## Task statement
Among the entries below, one stretch runs from the line that contains "Open Scope R_scope." through the line that contains "(** [lincomb E". Repeat that stretch exactly, ends included, and only that.

## Entries provided
- Opening Delimiter -

(* The components surviving [comp_canon] minus those with a < c < d < b,
   which the first Bianchi identity writes as R_adcb - R_acdb, form a basis. *)
Definition bianchi_form (q : nat * nat * nat * nat) : lform :=
  let: (a, b, c, d) := q in
  if [&& a < c, c < d & d < b]%N then [:: (1, comp_index a d c b); (-1, comp_index a c d b)]
  else [:: (1, comp_index a b c d)].

Definition comp_form (a b c d : nat) : lform :=
  if (a == b) || (c == d) then [::] else
  let: (s, q) := comp_canon a b c d in lform_scale s (bianchi_form q).

Definition ricci_form (i j : nat) : lform := flatten [seq comp_form a i j a | a <- iota 0 n].

Definition einstein_rel (i j : nat) : lform :=
  ricci_form i j ++ (if i == j then lform_scale (-1) (ricci_form 0 0) else [::]).

Definition einstein_rels : seq lform := [seq einstein_rel i j | i <- iota 0 n, j <- iota 0 n].

Definition einstein_substs : seq (nat * lform) := elim_substs einstein_rels.

Definition comp_poly (S : seq (nat * lform)) (a b c d : nat) : zpoly :=
  lform_poly (lform_substs S (comp_form a b c d)).

Definition comp_table : seq (seq (seq (seq zpoly))) :=
  let S := einstein_substs in
  [seq [seq [seq [seq comp_poly S a b c d | d <- iota 0 n] | c <- iota 0 n]
    | b <- iota 0 n] | a <- iota 0 n].

Definition table_entry (t : seq (seq (seq (seq zpoly)))) (a b c d : nat) : zpoly :=
  nth zpoly0 (nth [::] (nth [::] (nth [::] t a) b) c) d.
(* For every Schauder basic spreading sequence $(e_n)_n$ there exists $(\widetilde e_n)_n\in\mathcal{SM}_2(c_0)$ equivalent to $(e_n)_n$. Moreover, if $(e_n)_n$ is bimonotone, then $(e_n)_n$ itself (up to isometric equivalence) belongs to $\mathcal{SM}_2(c_0)$.
   Context: A sequence $(e_n)$ in a seminormed space $(E,\|\cdot\|_* )$ is spreading if $\|\sum_{j=1}^n a_je_j\|_*=\|\sum_{j=1}^n a_je_{k_j}\|_*$ for all $n$, $k_1<\dots<k_n$, reals $a_j$. $[M]^2$: 2-subsets of $M\subseteq\mathbb{N}$ (increasing enumerations, $M(l)$ the $l$-th element). A plegma family in $[M]^2$ is $(s_j)_{j=1}^l$ with $s_1(1)<\dots<s_l(1)<s_1(2)<\dots<s_l(2)$. A 2-sequence $(x_s)_{s\in[\mathbb{N}]^2}$ in a Banach space $X$ generates the Hamel basis $(e_n)$ of $(E,\|\cdot\|_* )$ as a $2$-spreading model via infinite $M$ if for a null sequence $\delta_l>0$: $|\|\sum_{j=1}^m a_jx_{s_j}\|-\|\sum_{j=1}^m a_je_j\|_*|\le\delta_l$ for all $m\le l$, plegma $(s_j)_{j=1}^m$ in $[M]^2$ with $s_1(1)\ge M(l)$, $a_j\in[-1,1]$. $\mathcal{SM}_2(X)$ is the set of sequences arising this way from 2-sequences in $X$. Bimonotone: $\|\sum_{i=p}^q a_ie_i\|\le\|\sum_{i=1}^n a_ie_i\|$ for all $1\le p\le q\le n$. *)

From Stdlib Require Import Reals Lra Lia ClassicalEpsilon.
Open Scope R_scope.

Record SNSpace := {
  car :> Type;
  vzero : car;
  vadd : car -> car -> car;
  vscal : R -> car -> car;
  snorm : car -> R;
  vadd_assoc : forall x y z, vadd x (vadd y z) = vadd (vadd x y) z;
  vadd_comm : forall x y, vadd x y = vadd y x;
  vadd_0 : forall x, vadd x vzero = x;
  vadd_opp : forall x, vadd x (vscal (-1) x) = vzero;
  vscal_1 : forall x, vscal 1 x = x;
  vscal_assoc : forall a b x, vscal a (vscal b x) = vscal (a * b) x;
  vscal_distr_v : forall a x y, vscal a (vadd x y) = vadd (vscal a x) (vscal a y);
  vscal_distr_s : forall a b x, vscal (a + b) x = vadd (vscal a x) (vscal b x);
  snorm_scal : forall a x, snorm (vscal a x) = Rabs a * snorm x;
  snorm_triangle : forall x y, snorm (vadd x y) <= snorm x + snorm y
}.

(** [lincomb E a e k] = sum_{j<k} a_j e_j  (0-based indices: paper's e_{j+1} is [e j]). *)
Fixpoint lincomb (E : SNSpace) (a : nat -> R) (e : nat -> E) (k : nat) : E :=
  match k with
  | O => vzero E
  | S k' => vadd E (lincomb E a e k') (vscal E (a k') (e k'))
  end.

- Closing Delimiter -

## Your response
Open Scope R_scope.

Record SNSpace := {
  car :> Type;
  vzero : car;
  vadd : car -> car -> car;
  vscal : R -> car -> car;
  snorm : car -> R;
  vadd_assoc : forall x y z, vadd x (vadd y z) = vadd (vadd x y) z;
  vadd_comm : forall x y, vadd x y = vadd y x;
  vadd_0 : forall x, vadd x vzero = x;
  vadd_opp : forall x, vadd x (vscal (-1) x) = vzero;
  vscal_1 : forall x, vscal 1 x = x;
  vscal_assoc : forall a b x, vscal a (vscal b x) = vscal (a * b) x;
  vscal_distr_v : forall a x y, vscal a (vadd x y) = vadd (vscal a x) (vscal a y);
  vscal_distr_s : forall a b x, vscal (a + b) x = vadd (vscal a x) (vscal b x);
  snorm_scal : forall a x, snorm (vscal a x) = Rabs a * snorm x;
  snorm_triangle : forall x y, snorm (vadd x y) <= snorm x + snorm y
}.

(** [lincomb E a e k] = sum_{j<k} a_j e_j  (0-based indices: paper's e_{j+1} is [e j]). *)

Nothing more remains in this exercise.